» Exercise
Retype, word for word, every line from the one holding "by apply/matrixP => i j; rewrite !mxE eq_sym (negbTE (neq_lift q" through the one holding "apply: NNPP => none; apply: not_kill_t" in the entries below, both included, and only those lines.
Source data START
(* Let $R$ be a commutative ring with identity, $n>1$, $S=M_n(R)$. If $A_1,A_2$ are vertices of the orthogonality graph $O(S)$ with $d(A_1,A_2)>3$, then $\operatorname{Ann}(\det A_1)=\operatorname{Ann}(\det A_2)$, and this ideal $I$ has no zero-divisors in the sense that $xy\ne0$ for all nonzero $x,y\in I$.
   Context: The orthogonality graph $O(S)$ of a ring $S$ is the undirected graph whose vertices are the nonzero two-sided zero-divisors of $S$, distinct vertices $x,y$ being adjacent iff $xy=yx=0$; $d$ is the graph distance. $\operatorname{Ann}(a)=\{x\in R: ax=0\}$. *)

From HB Require Import structures.
From mathcomp Require Import all_boot all_order all_algebra.
Set Implicit Arguments. Unset Strict Implicit. Unset Printing Implicit Defensive.
Import GRing.Theory.
Local Open Scope ring_scope.

Section OrthGraph.
Variable S : pzRingType.

Definition two_sided_zdiv (x : S) : Prop :=
  (exists y : S, y != 0 /\ x * y = 0) /\ (exists z : S, z != 0 /\ z * x = 0).

Definition orth_vertex (x : S) : Prop := x != 0 /\ two_sided_zdiv x.

Definition orth_adj (x y : S) : Prop :=
  [/\ orth_vertex x, orth_vertex y, x != y, x * y = 0 & y * x = 0].

Fixpoint orth_walk (x : S) (s : seq S) (y : S) : Prop :=
  match s with
  | [::] => x = y
  | z :: s' => orth_adj x z /\ orth_walk z s' y
  end.

Definition orth_dist_le (x y : S) (k : nat) : Prop :=
  exists s : seq S, (size s <= k)%N /\ orth_walk x s y.
End OrthGraph.

Definition Ann (R : pzRingType) (a : R) : R -> Prop := fun x => a * x = 0.

(** A zero-divisor [x] of [det A] annihilates a nonzero matrix on both sides
    of [A] (McCoy's theorem, with the annihilating matrix even a multiple of
    [x]): take the largest [t] such that [x] does not kill all [t]-minors of
    [A], border a [t]-minor not killed by [x] to a [t+1]-minor [P], and spread
    [x * adj P] over the rows and columns of [P].  Laplace expansion shows that
    the result is killed by [A] on both sides, and its entry at the bordering
    position is [x] times the chosen [t]-minor.
    Now if [x * det A1 = 0], [y * det A2 = 0] and [x * y = 0] with [x, y]
    nonzero, the two McCoy matrices [x D] and [y E] multiply to [0] both ways,
    giving a path [A1 - xD - yE - A2] of length at most 3.  Hence, when
    [d(A1, A2) > 3], nonzero elements of [Ann (det A1)] and [Ann (det A2)] are
    never orthogonal, and since [det A2] is itself a zero-divisor, [x det A2]
    must vanish whenever [x det A1] does. *)
From Stdlib Require Import Classical.
From HB Require Import structures.
From mathcomp Require Import all_boot all_order all_algebra.
Set Implicit Arguments. Unset Strict Implicit. Unset Printing Implicit Defensive.
Import GRing.Theory.
Local Open Scope ring_scope.

Lemma ex_transition (P : nat -> Prop) (m : nat) :
  ~ P 0 -> P m -> exists t, [/\ (t < m)%N, ~ P t & P t.+1].
Proof.
move=> nP0 Pm; apply: NNPP => no_t.
suff : forall k, (k <= m)%N -> ~ P k by move/(_ m (leqnn m)).
elim=> [|k IHk] // lt_km Pk1.
by apply: no_t; exists k; split => //; apply: IHk; apply: ltnW.
Qed.

Lemma ex_notin_codom (T U : finType) (f : T -> U) :
  injective f -> (#|T| < #|U|)%N -> exists u, u \notin codom f.
Proof.
move=> inj_f ltTU; case: (pickP [pred u | u \notin codom f]) => [u notin_u | none].
  by exists u.
have := cardC (mem (codom f)).
by rewrite (eq_card0 none) addn0 card_codom // => eTU; rewrite eTU ltnn in ltTU.
Qed.

Section Minors.
Variables (R : comNzRingType) (n : nat).
Implicit Types (A : 'M[R]_n).

Lemma det_mxsub_neq0_injl k (f g : 'I_k -> 'I_n) A :
  \det (mxsub f g A) != 0 -> injective f.
Proof.
move=> nz i j fij; apply: contraNeq nz => neq_ij.
by apply/eqP/(determinant_alternate neq_ij) => l; rewrite !mxE fij.
Qed.

Lemma det_mxsub_neq0_injr k (f g : 'I_k -> 'I_n) A :
  \det (mxsub f g A) != 0 -> injective g.
Proof.
move=> nz i j gij; apply: contraNeq nz => neq_ij.
by rewrite -det_tr; apply/eqP/(determinant_alternate neq_ij) => l; rewrite !mxE gij.
Qed.

Definition ord_ext k (f : 'I_k -> 'I_n) (i0 : 'I_n) : 'I_k.+1 -> 'I_n :=
  fun i => if unlift ord_max i is Some j then f j else i0.

Lemma ord_ext_lift k (f : 'I_k -> 'I_n) i0 j : ord_ext f i0 (lift ord_max j) = f j.
Proof. by rewrite /ord_ext liftK. Qed.

Lemma ord_ext_max k (f : 'I_k -> 'I_n) i0 : ord_ext f i0 ord_max = i0.
Proof. by rewrite /ord_ext unlift_none. Qed.

Lemma ord_ext_eqE k (f : 'I_k -> 'I_n) i0 i :
  i0 \notin codom f -> (ord_ext f i0 i == i0) = (i == ord_max).
Proof.
move=> fi0; rewrite /ord_ext; case: unliftP => [j ->|->]; last by rewrite !eqxx.
have := neq_lift ord_max j; rewrite eq_sym => /negbTE ->.
apply: contraNF fi0 => /eqP <-.
exact: codom_f.
Qed.

Lemma cofactor_max_mxsub_ext k (f g : 'I_k -> 'I_n) i0 j0 A :
  cofactor (mxsub (ord_ext f i0) (ord_ext g j0) A) ord_max ord_max
  = \det (mxsub f g A).
Proof.
rewrite /cofactor -signr_odd oddD addbb expr0 mul1r; congr (\det _).
by apply/matrixP => i j; rewrite !mxE !ord_ext_lift.
Qed.

Lemma mxsub_ext_entry k (f g : 'I_k -> 'I_n) i0 j0 (M : 'M[R]_k.+1) :
  i0 \notin codom f -> j0 \notin codom g ->
  (colsub (ord_ext g j0) 1%:M *m M *m rowsub (ord_ext f i0) 1%:M) j0 i0
  = M ord_max ord_max.
Proof.
move=> fi0 gj0; rewrite mxE (bigD1 ord_max) //= [X in _ + X]big1 => [|j neq_j].
  rewrite ![X in _ * X]mxE ord_ext_max eqxx mulr1 addr0 mxE.
  rewrite (bigD1 ord_max) //= [X in _ + X]big1 => [|j neq_j].
    by rewrite ![X in X * _]mxE ord_ext_max eqxx mul1r addr0.
  by rewrite ![X in X * _]mxE eq_sym (ord_ext_eqE _ gj0) (negbTE neq_j) mul0r.
by rewrite ![X in _ * X]mxE (ord_ext_eqE _ fi0) (negbTE neq_j) mulr0.
Qed.

Section Annihilator.
Variables (A : 'M[R]_n) (x : R).

Definition kills_minors k := forall f g : 'I_k -> 'I_n, x * \det (mxsub f g A) = 0.

Lemma kills_minors_det : x * \det A = 0 -> kills_minors n.
Proof.
move=> xA f g.
have -> : mxsub f g A = rowsub f 1%:M *m A *m colsub g 1%:M.
  by rewrite mulmx_colsub mulmx1 mul_rowsub_mx mul1mx; apply/matrixP => i j; rewrite !mxE.
by rewrite !det_mulmx !mulrA (mulrC x) -(mulrA _ x) xA mulr0 mul0r.
Qed.

Lemma kills_minors0 : x != 0 -> ~ kills_minors 0.
Proof.
move=> nz_x kill0; have f0 : 'I_0 -> 'I_n by case.
by move: (kill0 f0 f0); rewrite det_mx00 mulr1; apply/eqP.
Qed.

Definition ord_upd m (f : 'I_m -> 'I_n) q r : 'I_m -> 'I_n :=
  fun i => if i == q then r else f i.

(* Entry [(r, q)] is [x] times the Laplace expansion along row [q] of the
   minor whose [q]-th row is replaced by row [r] of [A]. *)
Lemma kills_minors_colsub_adj m (f g : 'I_m -> 'I_n) :
  kills_minors m -> x *: (colsub g A *m \adj (mxsub f g A)) = 0.
Proof.
move=> kill; apply/matrixP => r q; rewrite !mxE.
rewrite -[RHS](kill (ord_upd f q r) g) (expand_det_row _ q); congr (_ * _).
apply: eq_bigr => p _; rewrite !mxE /ord_upd eqxx; congr (_ * (_ * \det _)).
by apply/matrixP => i j; rewrite !mxE eq_sym (negbTE (neq_lift q i)).
Qed.

Lemma kills_minors_adj_rowsub m (f g : 'I_m -> 'I_n) :
  kills_minors m -> x *: (\adj (mxsub f g A) *m rowsub f A) = 0.
Proof.
move=> kill; apply/matrixP => p l; rewrite !mxE.
rewrite -[RHS](kill f (ord_upd g p l)) (expand_det_col _ p); congr (_ * _).
apply: eq_bigr => q _; rewrite !mxE /ord_upd eqxx mulrC; congr (_ * (_ * \det _)).
by apply/matrixP => i j; rewrite !mxE eq_sym (negbTE (neq_lift p j)).
Qed.

Lemma mccoy_annihilator : x != 0 -> x * \det A = 0 ->
  exists D : 'M_n, [/\ x *: D != 0, A *m (x *: D) = 0 & (x *: D) *m A = 0].
Proof.
move=> nz_x xA.
have [t [lt_tn not_kill_t kill_t1]] :=
  ex_transition (kills_minors0 nz_x) (kills_minors_det xA).
have [f [g nz_fg]] : exists f g : 'I_t -> 'I_n, x * \det (mxsub f g A) != 0.
  apply: NNPP => none; apply: not_kill_t => f g; apply/eqP/negPn/negP => nz.
  by apply: none; exists f, g.
have nz_det : \det (mxsub f g A) != 0 by apply: contraNneq nz_fg => ->; rewrite mulr0.
have [i0 fi0] : exists i0, i0 \notin codom f.
  by apply: ex_notin_codom (det_mxsub_neq0_injl nz_det) _; rewrite !card_ord.
have [j0 gj0] : exists j0, j0 \notin codom g.
  by apply: ex_notin_codom (det_mxsub_neq0_injr nz_det) _; rewrite !card_ord.
pose f' := ord_ext f i0; pose g' := ord_ext g j0.
exists (colsub g' 1%:M *m \adj (mxsub f' g' A) *m rowsub f' 1%:M); split.
- apply: contraNneq nz_fg => /matrixP/(_ j0 i0).
  by rewrite mxE mxsub_ext_entry // mxE cofactor_max_mxsub_ext mxE => ->.
- rewrite -scalemxAr !mulmxA mulmx_colsub mulmx1 scalemxAl.
  by rewrite kills_minors_colsub_adj // mul0mx.
- rewrite -scalemxAl -!mulmxA -rowsubE scalemxAr.
  by rewrite kills_minors_adj_rowsub // mulmx0.
Qed.

End Annihilator.

Lemma det_left_zdiv A (B : 'M[R]_n) : B != 0 -> A *m B = 0 ->
  exists2 y, y != 0 & \det A * y = 0.
Proof.
move=> nz_B AB.
have detB : \det A *: B = 0 by rewrite -mul_scalar_mx -mul_adj_mx -mulmxA AB mulmx0.
have [i [j nz_ij]] : exists i j, B i j != 0.
  apply: NNPP => none; apply/(negP nz_B)/eqP/matrixP => i j; rewrite mxE.
  by apply/eqP/negPn/negP => nz; apply: none; exists i, j.
by exists (B i j) => //; move/matrixP: detB => /(_ i j); rewrite !mxE.
Qed.

End Minors.

Section Graph.
Variable S : pzRingType.
Implicit Types (x y z : S).

Lemma orth_walk_rcons x s y z :
  orth_walk x s y -> orth_adj y z -> orth_walk x (rcons s z) z.
Proof.
elim: s x => [|w s IHs] x /=; first by move=> -> yz; split.
by case=> xw wy yz; split => //; apply: IHs.
Qed.

Lemma orth_dist_le_step x y z k :
  orth_dist_le x y k -> y = z \/ orth_adj y z -> orth_dist_le x z k.+1.
Proof.
case=> s [size_s xy] [<-|yz]; first by exists s; split => //; apply: leqW.
by exists (rcons s z); split; [rewrite size_rcons | apply: orth_walk_rcons xy yz].
Qed.

Lemma orth_eq_or_adj x y : orth_vertex x -> orth_vertex y ->
  x * y = 0 -> y * x = 0 -> x = y \/ orth_adj x y.
Proof. by move=> vx vy xy yx; case: (eqVneq x y) => [->|ne]; [left | right; split]. Qed.

Lemma orth_vertex_annihilator x y : x != 0 -> y != 0 ->
  x * y = 0 -> y * x = 0 -> orth_vertex y.
Proof. by move=> nz_x nz_y xy yx; split => //; split; exists x. Qed.

Lemma orth_dist_le3_of_annihilators x y u v :
  orth_vertex x -> orth_vertex y -> u != 0 -> v != 0 ->
  x * u = 0 -> u * x = 0 -> y * v = 0 -> v * y = 0 -> u * v = 0 -> v * u = 0 ->
  orth_dist_le x y 3.
Proof.
move=> vx vy nz_u nz_v xu ux yv vy' uv vu.
have vu' := orth_vertex_annihilator vx.1 nz_u xu ux.
have vv := orth_vertex_annihilator vy.1 nz_v yv vy'.
apply: (orth_dist_le_step (y := v)); last exact: orth_eq_or_adj vv vy vy' yv.
apply: (orth_dist_le_step (y := u)); last exact: orth_eq_or_adj vu' vv uv vu.
apply: (orth_dist_le_step (y := x)); last exact: orth_eq_or_adj vx vu' xu ux.
by exists [::].
Qed.

End Graph.

Section Determinants.
Variables (R : comNzRingType) (n : nat).
Implicit Types (A : 'M[R]_n) (x y : R).

Lemma orth_dist_le3_of_ann_det A1 A2 x y :
  orth_vertex A1 -> orth_vertex A2 -> x != 0 -> y != 0 -> x * y = 0 ->
  Ann (\det A1) x -> Ann (\det A2) y -> orth_dist_le A1 A2 3.
Proof.
rewrite /Ann => v1 v2 nz_x nz_y xy xA1 yA2.
have [D [nz_D A1D DA1]] := mccoy_annihilator nz_x (etrans (mulrC _ _) xA1).
have [E [nz_E A2E EA2]] := mccoy_annihilator nz_y (etrans (mulrC _ _) yA2).
have DE : (x *: D) *m (y *: E) = 0 by rewrite -scalemxAl -scalemxAr scalerA xy scale0r.
have ED : (y *: E) *m (x *: D) = 0.
  by rewrite -scalemxAl -scalemxAr scalerA mulrC xy scale0r.
exact: orth_dist_le3_of_annihilators v1 v2 nz_D nz_E A1D DA1 A2E EA2 DE ED.
Qed.

Lemma ann_det_sub A1 A2 :
  orth_vertex A2 ->
  (forall x y, x != 0 -> y != 0 -> x * y = 0 ->
     Ann (\det A1) x -> Ann (\det A2) y -> False) ->
  forall x, Ann (\det A1) x -> Ann (\det A2) x.
Proof.
rewrite /Ann => -[_ [[B [nz_B A2B]] _]] no_orth x xA1.
have [y nz_y yA2] := det_left_zdiv nz_B A2B.
apply/eqP/negPn/negP => nz_z; apply: (no_orth _ _ nz_z nz_y) => //.
- by rewrite mulrAC yA2 mul0r.
- by rewrite /Ann mulrCA xA1 mulr0.
Qed.

End Determinants.

Theorem lemma4 (R : comNzRingType) (n : nat) (hn : (1 < n)%N)
    (A1 A2 : 'M[R]_n) :
  orth_vertex A1 -> orth_vertex A2 -> ~ orth_dist_le A1 A2 3 ->
  (forall x : R, Ann (\det A1) x <-> Ann (\det A2) x) /\
  (forall x y : R, Ann (\det A1) x -> Ann (\det A1) y ->
     x != 0 -> y != 0 -> x * y != 0).
Proof.
move=> v1 v2 far.
have no_orth12 x y : x != 0 -> y != 0 -> x * y = 0 ->
    Ann (\det A1) x -> Ann (\det A2) y -> False.
  by move=> nz_x nz_y xy xA1 yA2; apply: far; apply: orth_dist_le3_of_ann_det xy xA1 yA2.
have no_orth21 x y : x != 0 -> y != 0 -> x * y = 0 ->
    Ann (\det A2) x -> Ann (\det A1) y -> False.
  by move=> nz_x nz_y xy xA2 yA1; apply: (no_orth12 y x) => //; rewrite mulrC.
have sub12 := ann_det_sub v2 no_orth12; have sub21 := ann_det_sub v1 no_orth21.
split=> [x | x y xA1 yA1 nz_x nz_y]; first by split; [apply: sub12 | apply: sub21].
by apply/eqP => xy; apply: (no_orth12 x y) => //; apply: sub12.
Qed.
Source data END
» Written solution
by apply/matrixP => i j; rewrite !mxE eq_sym (negbTE (neq_lift q i)).
Qed.

Lemma kills_minors_adj_rowsub m (f g : 'I_m -> 'I_n) :
  kills_minors m -> x *: (\adj (mxsub f g A) *m rowsub f A) = 0.
Proof.
move=> kill; apply/matrixP => p l; rewrite !mxE.
rewrite -[RHS](kill f (ord_upd g p l)) (expand_det_col _ p); congr (_ * _).
apply: eq_bigr => q _; rewrite !mxE /ord_upd eqxx mulrC; congr (_ * (_ * \det _)).
by apply/matrixP => i j; rewrite !mxE eq_sym (negbTE (neq_lift p j)).
Qed.

Lemma mccoy_annihilator : x != 0 -> x * \det A = 0 ->
  exists D : 'M_n, [/\ x *: D != 0, A *m (x *: D) = 0 & (x *: D) *m A = 0].
Proof.
move=> nz_x xA.
have [t [lt_tn not_kill_t kill_t1]] :=
  ex_transition (kills_minors0 nz_x) (kills_minors_det xA).
have [f [g nz_fg]] : exists f g : 'I_t -> 'I_n, x * \det (mxsub f g A) != 0.
  apply: NNPP => none; apply: not_kill_t => f g; apply/eqP/negPn/negP => nz.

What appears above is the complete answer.